Figure 2 shows mean spectral levels for both vowel and connected speech in the 1–8 kHz region. For vowel production, no significant main effects of wearing a facemask were observed F(2, 22) = 0.024, p = 0.963, partial η² = 0.002. However, for RP23, wearing a facemask affected mean spectral levels in the 1–8 kHz region: There was a significant main effect of mask-wearing on this measure F(1.173, 11.735) = 16.951, p = 0.001, partial η² = 0.629. Post-hoc tests showed that, compared with the non-mask condition, the KN95 mask attenuated the spectral levels in the 1–8 kHz region by 5.2 dB (p = 0.005) while the surgical mask attenuated the spectral levels in this region by 2.0 dB (p = 0.014).

Low/high spectral ratio (LH1000)

LH1000 was calculated for the /a/ vowel and RP23. Figure 3 shows mean and SD of LH1000 for both tasks.
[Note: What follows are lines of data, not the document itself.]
(* Under the standing setup, assume that $f$ is bounded, i.e. $\sup_{q\in\mathcal P}\|f_q\|_\infty<\infty$. Then for all $t\ge0$ and $u_0\in\mathbb R^d$, $\|\mathscr S(t)u_0-u_0\|_\infty\le t\sup_{q\in\mathcal P}\|qu_0+f_q\|_\infty,$ and for all $s,t\ge0$, $\|\mathscr S(t)u_0-\mathscr S(s)u_0\|_\infty\le|t-s|\sup_{q\in\mathcal P}\|qu_0+f_q\|_\infty$. In particular $t\mapsto\mathscr S(t)u_0$ is Lipschitz continuous.
   Context: Standing setup: $d\in\mathbb N$; vectors in $\mathbb R^d$ with $\|u\|_\infty=\max_i|u_i|$; inequalities and suprema of vectors are componentwise; reals are identified with constant vectors. A $Q$-matrix is $q\in\mathbb R^{d\times d}$ with $q_{ii}\le0$, $q_{ij}\ge0$ ($i\ne j$), $\sum_jq_{ij}=0$. Let $\mathcal P$ be a set of $Q$-matrices and $f=(f_q)_{q\in\mathcal P}\subset\mathbb R^d$ with $\sup_{q\in\mathcal P}f_q=f_{q_0}=0$ for some $q_0\in\mathcal P$, such that $\mathcal Qu:=\sup_{q\in\mathcal P}(qu+f_q)$ is finite for every $u\in\mathbb R^d$. For $q\in\mathcal P$, $t\ge0$: $S_q(t)u_0:=e^{tq}u_0+\int_0^te^{sq}f_q\,ds$. For $h\ge0$: $\mathcal E_hu_0:=\sup_{q\in\mathcal P}S_q(h)u_0$. $P$ is the set of finite subsets $\pi\subset[0,\infty)$ with $0\in\pi$; $P_t:=\{\pi\in P:\max\pi=t\}$. For $\pi=\{t_0,\dots,t_m\}$ with $0=t_0<\dots<t_m$, $m\ge1$, $\mathcal E_\pi:=\mathcal E_{t_1-t_0}\circ\cdots\circ\mathcal E_{t_m-t_{m-1}}$, and $\mathcal E_{\{0\}}:=\mathcal E_0$. The Nisio semigroup of $(\mathcal P,f)$ is $\mathscr S(t)u_0:=\sup_{\pi\in P_t}\mathcal E_\pi u_0$ for $t\ge0$, $u_0\in\mathbb R^d$. *)

From Stdlib Require Import Reals Lra Lia List Sorted ClassicalEpsilon Factorial.
Open Scope R_scope.

(* Vectors in R^d: functions nat -> R, only indices i < d are meaningful.
   Matrices in R^{d x d}: functions nat -> nat -> R, only i,j < d meaningful. *)
Definition vec := nat -> R.
Definition mat := nat -> nat -> R.

Definition vnorm (d : nat) (u : vec) : R :=
  fold_right Rmax 0 (map (fun i => Rabs (u i)) (seq 0 d)).

Definition vsub (u v : vec) : vec := fun i => u i - v i.
Definition vadd (u v : vec) : vec := fun i => u i + v i.

Definition fsum (d : nat) (g : nat -> R) : R :=
  fold_right Rplus 0 (map g (seq 0 d)).

Definition mv (d : nat) (q : mat) (u : vec) : vec :=
  fun i => fsum d (fun j => q i j * u j).
Definition mm (d : nat) (a b : mat) : mat :=
  fun i j => fsum d (fun k => a i k * b k j).
Definition mid : mat := fun i j => if Nat.eqb i j then 1 else 0.
Fixpoint mpow (d : nat) (q : mat) (k : nat) : mat :=
  match k with O => mid | S k' => mm d q (mpow d q k') end.

Definition isQmatrix (d : nat) (q : mat) : Prop :=
  (forall i, (i < d)%nat -> q i i <= 0) /\
  (forall i j, (i < d)%nat -> (j < d)%nat -> i <> j -> 0 <= q i j) /\
  (forall i, (i < d)%nat -> fsum d (fun j => q i j) = 0).

(* limit of a real sequence (arbitrary value if it does not converge) *)
Definition Rlim (u : nat -> R) : R :=
  epsilon (inhabits 0) (fun l => Un_cv u l).

Definition mexp (d : nat) (q : mat) (t : R) : mat :=
  fun i j => Rlim (fun n => sum_f_R0 (fun k => t ^ k / INR (fact k) * mpow d q k i j) n).

(* Riemann integral of g over [a,b] (arbitrary value if not integrable;
   independent of the integrability proof by RiemannInt_P5) *)
Definition Rint (g : R -> R) (a b : R) : R :=
  epsilon (inhabits 0)
    (fun I => exists pr : Riemann_integrable g a b, RiemannInt pr = I).

(* supremum of a set of reals (arbitrary value if no least upper bound) *)
Definition Rsup (E : R -> Prop) : R :=
  epsilon (inhabits 0) (fun l => is_lub E l).

Definition Sq (d : nat) (q : mat) (fq : vec) (t : R) (u0 : vec) : vec :=
  fun i => mv d (mexp d q t) u0 i + Rint (fun s => mv d (mexp d q s) fq i) 0 t.

Definition Eh (d : nat) (P : mat -> Prop) (f : mat -> vec) (h : R) (u0 : vec) : vec :=
  fun i => Rsup (fun x => exists q, P q /\ x = Sq d q (f q) h u0 i).

(* A partition pi = {t_0 < t_1 < ... < t_m} is represented by the strictly
   increasing list [t_0; ...; t_m]. pi in P_t iff t_0 = 0 and t_m = t. *)
Definition inPt (t : R) (l : list R) : Prop :=
  l <> nil /\ hd 1 l = 0 /\ Sorted Rlt l /\ last l 0 = t.

Fixpoint Ecomp (d : nat) (P : mat -> Prop) (f : mat -> vec) (l : list R) (u0 : vec) : vec :=
  match l with
  | t0 :: ((t1 :: _) as rest) => Eh d P f (t1 - t0) (Ecomp d P f rest u0)
  | _ => u0
  end.

Definition Epi (d : nat) (P : mat -> Prop) (f : mat -> vec) (l : list R) (u0 : vec) : vec :=
  match l with
  | _ :: nil => Eh d P f 0 u0
  | _ => Ecomp d P f l u0
  end.

Definition Nisio (d : nat) (P : mat -> Prop) (f : mat -> vec) (t : R) (u0 : vec) : vec :=
  fun i => Rsup (fun x => exists l, inPt t l /\ x = Epi d P f l u0 i).

Definition standing_setup (d : nat) (P : mat -> Prop) (f : mat -> vec) : Prop :=
  (forall q, P q -> isQmatrix d q) /\
  (exists q0, P q0 /\ (forall i, (i < d)%nat -> f q0 i = 0) /\
     (forall q i, P q -> (i < d)%nat -> f q i <= 0)) /\
  (forall (u : vec) i, (i < d)%nat ->
     bound (fun x => exists q, P q /\ x = mv d q u i + f q i)).

From Stdlib Require Import Reals Lra Lia List Sorted ClassicalEpsilon Factorial FunctionalExtensionality.
From Coquelicot Require Import Coquelicot.
Open Scope R_scope.

(* For a Q-matrix q, e^{tq} is a stochastic matrix: its rows sum to 1 because those of q
   sum to 0, and its entries are nonnegative because e^{ct} e^{tq} has the nonnegative
   Taylor coefficients (q + cI)^n / n! once c dominates the diagonal of -q.  Hence S_q(t)
   is nonexpansive in the sup norm, and since d/dt S_q(t)u = e^{tq}(qu + f_q), it moves u
   by at most t ||qu + f_q||.  Both estimates survive the supremum over q, so E_h is
   nonexpansive and moves u_0 by at most hL; along a partition of [0, t] the composite
   E_pi then moves u_0 by at most tL.  For s <= t, refining a partition of [0, s] by the
   point t, or cutting a partition of [0, t] at s, matches every E_pi for one endpoint
   with one for the other up to (t - s)L. *)

(** * Finite sums and the sup norm *)

Lemma fold_right_Rplus_acc l a : fold_right Rplus a l = fold_right Rplus 0 l + a.
Proof. induction l as [|x l IH]; simpl; [lra | rewrite IH; lra]. Qed.

Lemma fsum_0 g : fsum 0 g = 0.
Proof. reflexivity. Qed.

Lemma fsum_S d g : fsum (S d) g = fsum d g + g d.
Proof.
  unfold fsum. rewrite seq_S, map_app, fold_right_app. simpl.
  rewrite fold_right_Rplus_acc. lra.
Qed.

Lemma fsum_ext d g h : (forall j, (j < d)%nat -> g j = h j) -> fsum d g = fsum d h.
Proof.
  induction d as [|d IH]; intros H; [reflexivity|].
  rewrite !fsum_S, (H d) by lia. rewrite IH; [reflexivity|]. intros; apply H; lia.
Qed.

Lemma fsum_plus d g h : fsum d (fun j => g j + h j) = fsum d g + fsum d h.
Proof. induction d; [rewrite !fsum_0; lra|]. rewrite !fsum_S, IHd; lra. Qed.

Lemma fsum_scal_l d c g : fsum d (fun j => c * g j) = c * fsum d g.
Proof. induction d; [rewrite !fsum_0; lra|]. rewrite !fsum_S, IHd; lra. Qed.

Lemma fsum_scal_r d c g : fsum d (fun j => g j * c) = fsum d g * c.
Proof. induction d; [rewrite !fsum_0; lra|]. rewrite !fsum_S, IHd; lra. Qed.

Lemma fsum_const d c : fsum d (fun _ => c) = INR d * c.
Proof. induction d; [rewrite fsum_0; simpl; lra|]. rewrite fsum_S, IHd, S_INR; lra. Qed.

Lemma fsum_swap d e (g : nat -> nat -> R) :
  fsum d (fun i => fsum e (fun j => g i j)) = fsum e (fun j => fsum d (fun i => g i j)).
Proof.
  induction d as [|d IH].
  - rewrite fsum_0, <- (Rmult_0_r (INR e)), <- fsum_const. apply fsum_ext. reflexivity.
  - rewrite fsum_S, IH, <- fsum_plus. apply fsum_ext. intros. rewrite fsum_S. reflexivity.
Qed.

Lemma sum_f_R0_fsum_swap d (g : nat -> nat -> R) n :
  sum_f_R0 (fun k => fsum d (g k)) n = fsum d (fun l => sum_f_R0 (fun k => g k l) n).
Proof. induction n as [|n IH]; simpl; [reflexivity|]. rewrite IH, <- fsum_plus. reflexivity. Qed.

Lemma fsum_le d g h : (forall j, (j < d)%nat -> g j <= h j) -> fsum d g <= fsum d h.
Proof.
  induction d as [|d IH]; intros H; [rewrite !fsum_0; lra|]. rewrite !fsum_S.
  apply Rplus_le_compat; [apply IH; intros; apply H|apply H]; lia.
Qed.

Lemma fsum_nonneg d g : (forall j, (j < d)%nat -> 0 <= g j) -> 0 <= fsum d g.
Proof. intros H. rewrite <- (Rmult_0_r (INR d)), <- fsum_const. exact (fsum_le _ _ _ H). Qed.

Lemma fsum_abs d g : Rabs (fsum d g) <= fsum d (fun j => Rabs (g j)).
Proof.
  induction d; [rewrite !fsum_0, Rabs_R0; lra|]. rewrite !fsum_S.
  eapply Rle_trans; [apply Rabs_triang|]. lra.
Qed.

Lemma fsum_ge_term d g j :
  (j < d)%nat -> (forall l, (l < d)%nat -> 0 <= g l) -> g j <= fsum d g.
Proof.
  induction d as [|d IH]; intros Hj H; [lia|]. rewrite fsum_S.
  destruct (Nat.eq_dec j d) as [->|Hjd].
  - assert (0 <= fsum d g) by (apply fsum_nonneg; intros; apply H; lia). lra.
  - assert (g j <= fsum d g) by (apply IH; [lia | intros; apply H; lia]).
    assert (0 <= g d) by (apply H; lia). lra.
Qed.

Lemma fsum_mid_l d i x : (i < d)%nat -> fsum d (fun j => mid i j * x j) = x i.
Proof.
  induction d as [|d IH]; intros Hi; [lia|]. rewrite fsum_S. unfold mid at 2.
  destruct (Nat.eqb_spec i d) as [->|Hid].
  - rewrite (fsum_ext _ _ (fun _ => 0)), fsum_const; [lra|].
    intros j Hj. unfold mid. destruct (Nat.eqb_spec d j); [lia | lra].
  - rewrite IH by lia. lra.
Qed.

Lemma fsum_mid_r d i x : (i < d)%nat -> fsum d (fun j => x j * mid j i) = x i.
Proof.
  intros Hi. rewrite <- (fsum_mid_l d i x Hi). apply fsum_ext. intros j _.
  unfold mid. rewrite Nat.eqb_sym. destruct (Nat.eqb i j); lra.
Qed.

Lemma Rabs_le_vnorm d u i : (i < d)%nat -> Rabs (u i) <= vnorm d u.
Proof.
  intros Hi. unfold vnorm.
  assert (Hin : In i (seq 0 d)) by (apply in_seq; lia). revert Hin.
  induction (seq 0 d) as [|k l IH]; simpl; [tauto|]. intros [->|Hin].
  - apply Rmax_l.
  - eapply Rle_trans; [apply IH; auto | apply Rmax_r].
Qed.

Lemma vnorm_nonneg d u : 0 <= vnorm d u.
Proof.
  unfold vnorm. induction (seq 0 d); simpl; [lra|].
  eapply Rle_trans; [apply IHl | apply Rmax_r].
Qed.

Lemma vnorm_le d u c :
  0 <= c -> (forall i, (i < d)%nat -> Rabs (u i) <= c) -> vnorm d u <= c.
Proof.
  intros Hc H. unfold vnorm.
  assert (Hl : forall i, In i (seq 0 d) -> Rabs (u i) <= c)
    by (intros i Hi; apply in_seq in Hi; apply H; lia).
  revert Hl. induction (seq 0 d); simpl; intros Hl; [lra|].
  apply Rmax_lub; auto.
Qed.

Lemma vnorm_ext d u v : (forall i, (i < d)%nat -> u i = v i) -> vnorm d u = vnorm d v.
Proof.
  intros H. unfold vnorm. f_equal. apply map_ext_in.
  intros i Hi. apply in_seq in Hi. rewrite H; [reflexivity | lia].
Qed.

Lemma vnorm_sub_sym d u v : vnorm d (vsub u v) = vnorm d (vsub v u).
Proof.
  unfold vnorm, vsub. f_equal. apply map_ext. intros. apply Rabs_minus_sym.
Qed.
One-way repeated-measures ANOVA was calculated to compare data across non-mask, surgical mask, and KN95 mask. For the sustained vowel, no significant main effects were observed: F(2, 22) = 0.949, p = 0.402, partial η² = 0.079. In Fig. 3, LH1000 for the vowel produced did not change significantly across non-mask and mask conditions.

For RP23, a significant main effect was present: F(1.279, 14.073) = 84.346, p = 0.000, partial η² = 0.885. Figure 3 shows that LH1000 of RP23 was the lowest for the non-mask [mean (SD) = 23.0 (1.7) dB], higher for the surgical mask [mean (SD) = 25.5 (2.2) dB], and highest for the KN95 mask condition [mean (SD) = 28.2 (1.7) dB]. Pairwise Bonferroni-adjusted comparisons showed that wearing a KN95 mask increased the LH1000 of RP23 by 5.2 dB (p = 0.000) and wearing a surgical mask increased the LH1000 of RP by almost 2.5 dB (p = 0.000).